Checklist: (if applicable)

  • Milestone metadata specifying the target backport version
  • Mention to the original issue
  • Installer updates including:
    • Fixtures for db schema changes
    • New mandatory config options
  • Update of end-to-end CLI integration tests in ai.backend.test
  • API server-client counterparts (e.g., manager API -> client SDK)
  • Test case(s) to:
    • Demonstrate the difference of before/after
    • Demonstrate the flow of abstract/conceptual models with a concrete implementation
  • Documentation
    • Contents in the docs directory
    • docstrings in public interfaces and type annotations

@github-actions github-actions bot added size:XL 500~ LoC comp:agent Related to Agent component labels Dec 2, 2025
@hhoikoo hhoikoo force-pushed the feat/BA-3212/multi-agent-device-split branch 2 times, most recently from 0a23c75 to 9c8fb64 Compare December 2, 2025 08:08
Base automatically changed from fix/BA-3199 to main December 2, 2025 14:25
@HyeockJinKim HyeockJinKim force-pushed the main branch 2 times, most recently from 9552aac to 4af738e Compare December 31, 2025 15:41
@hhoikoo hhoikoo marked this pull request as draft January 19, 2026 04:16
@hhoikoo
Copy link
Member Author

hhoikoo commented Jan 26, 2026

BEP-1016 Compatibility Review

After reviewing this PR against BEP-1016 (Accelerator Interface v2), there is one key fix needed to ensure V1 implementation doesn't violate V2 assumptions.

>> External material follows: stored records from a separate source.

Lemma sum_f_R0_const_tail (f : nat -> R) (K : R) (n : nat) :
  (forall i, (1 <= i <= n)%nat -> f i = K) -> sum_f_R0 f n = f 0%nat + INR n * K.
Proof.
  intros Hf. induction n as [|n IH]; simpl sum_f_R0.
  - simpl. ring.
  - rewrite IH by (intros i Hi; apply Hf; lia).
    rewrite (Hf (S n)), S_INR by lia. ring.
Qed.

Section TwoDistances.

Variables (p : R) (q m nh : nat).
Hypotheses (Hp : 1 < p) (Hq : (1 <= q)%nat) (Hqm : Rpower (INR q) (p - 1) = INR m).

Lemma two_distances_sum_eq (x y : nat) : x = nh -> y = 0%nat ->
  Rpower (INR ((q + 1) * nh - x + y + q)) p + INR m * Rpower (INR (x + y + 1)) p
  = INR (q * m + m) * Rpower (INR nh + 1) p.
Proof.
  intros -> ->.
  replace (nh + 0 + 1)%nat with (nh + 1)%nat by lia.
  assert (HQ : 0 < INR q) by (apply lt_0_INR; lia).
  assert (Hc : 0 < INR nh + 1) by (pose proof (pos_INR nh); lra).
  replace ((q + 1) * nh - nh + 0 + q)%nat with (q * (nh + 1))%nat by lia.
  rewrite mult_INR, (plus_INR nh 1), <- Rpower_mult_distr, (Rpower_mul_pred (INR q)), Hqm
    by (simpl INR; lra).
  rewrite !plus_INR, mult_INR. simpl INR. ring.
Qed.

Lemma two_distances_sum_gt (x y : nat) : (x <= (q + 1) * nh)%nat -> ~ (y = 0%nat /\ x = nh) ->
  INR (q * m + m) * Rpower (INR nh + 1) p
  < Rpower (INR ((q + 1) * nh - x + y + q)) p + INR m * Rpower (INR (x + y + 1)) p.
Proof.
  intros Hx Hxy.
  set (c := INR nh + 1).
  set (u := INR nh - INR x + INR y).
  set (v := INR x + INR y - INR nh).
  assert (HQ : 0 < INR q) by (apply lt_0_INR; lia).
  assert (Hc : 0 < c) by (unfold c; pose proof (pos_INR nh); lra).
  assert (HM : 0 < INR m) by (rewrite <- Hqm; apply exp_pos).
  assert (Hcp : 0 < Rpower c (p - 1)) by apply exp_pos.
  assert (Hfirst : INR ((q + 1) * nh - x + y + q) = INR q * c + u).
  { unfold c, u. rewrite !plus_INR, minus_INR, mult_INR, plus_INR by exact Hx.
    simpl INR. ring. }
  assert (Hsecond : INR (x + y + 1) = c + v) by (unfold c, v; rewrite !plus_INR; simpl INR; ring).
  assert (Hu : 0 < INR q * c + u) by (rewrite <- Hfirst; apply lt_0_INR; lia).
  assert (Hv : 0 < c + v) by (rewrite <- Hsecond; apply lt_0_INR; lia).
  pose proof (Rpower_tangent_scaled p (INR q) c u Hp HQ Hc Hu) as Htan1.
  rewrite Hqm in Htan1.
  assert (Hslopes : p * INR m * Rpower c (p - 1) * u + p * INR m * Rpower c (p - 1) * v
                    = 2 * (p * INR m * Rpower c (p - 1) * INR y))
    by (replace v with (2 * INR y - u) by (unfold u, v; ring); ring).
  rewrite Hfirst, Hsecond, plus_INR, mult_INR.
  destruct (Nat.eq_dec y 0) as [Hy | Hy].
  - assert (Hvc : c + v <> c).
    { unfold c, v. rewrite Hy. simpl INR. intro Heq.
      apply Hxy. split; [exact Hy|]. apply INR_eq. lra. }
    pose proof (Rpower_tangent_lt p c (c + v) Hp Hc Hv Hvc) as Htan2.
    assert (INR m * (Rpower c p + p * Rpower c (p - 1) * (c + v - c))
            < INR m * Rpower (c + v) p) by (apply Rmult_lt_compat_l; lra).
    rewrite Hy in Hslopes. simpl INR in Hslopes. lra.
  - pose proof (Rpower_tangent_le p c (c + v) Hp Hc Hv) as Htan2.
    assert (INR m * (Rpower c p + p * Rpower c (p - 1) * (c + v - c))
            <= INR m * Rpower (c + v) p) by (apply Rmult_le_compat_l; lra).
    assert (0 < p * INR m * Rpower c (p - 1) * INR y)
      by (repeat apply Rmult_lt_0_compat; try lra; apply lt_0_INR; lia).
    lra.
Qed.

Issue: Device Mutual Exclusivity

BEP-1016 Requirement:

"(NOTE: partitioning here means per-device, not within-device!)"

"Decision: Cross-agent device sharing is not supported. Devices are always mutually exclusive between agents within a node."

In BEP-1016, each agent's allowed devices will be expressed as a device_mask: frozenset[DeviceId] — a simple allowlist. This design fundamentally requires that each DeviceId belongs to exactly ONE agent.

Current PR Behavior:
The fill-from-front algorithm in _compute_device_partition() currently allows the same DeviceId to appear in multiple agents' partitions when devices have fractional capacity. For example, the test shows:

# 3 agents all accessing cuda0 with amount=1 each
for i in range(1, 4):
    ctx = allocator.get_computers(AgentId(f"agent{i}"))[DeviceName("cuda")]
    assert ctx.alloc_map.device_slots[DeviceId("cuda0")].amount == Decimal("1")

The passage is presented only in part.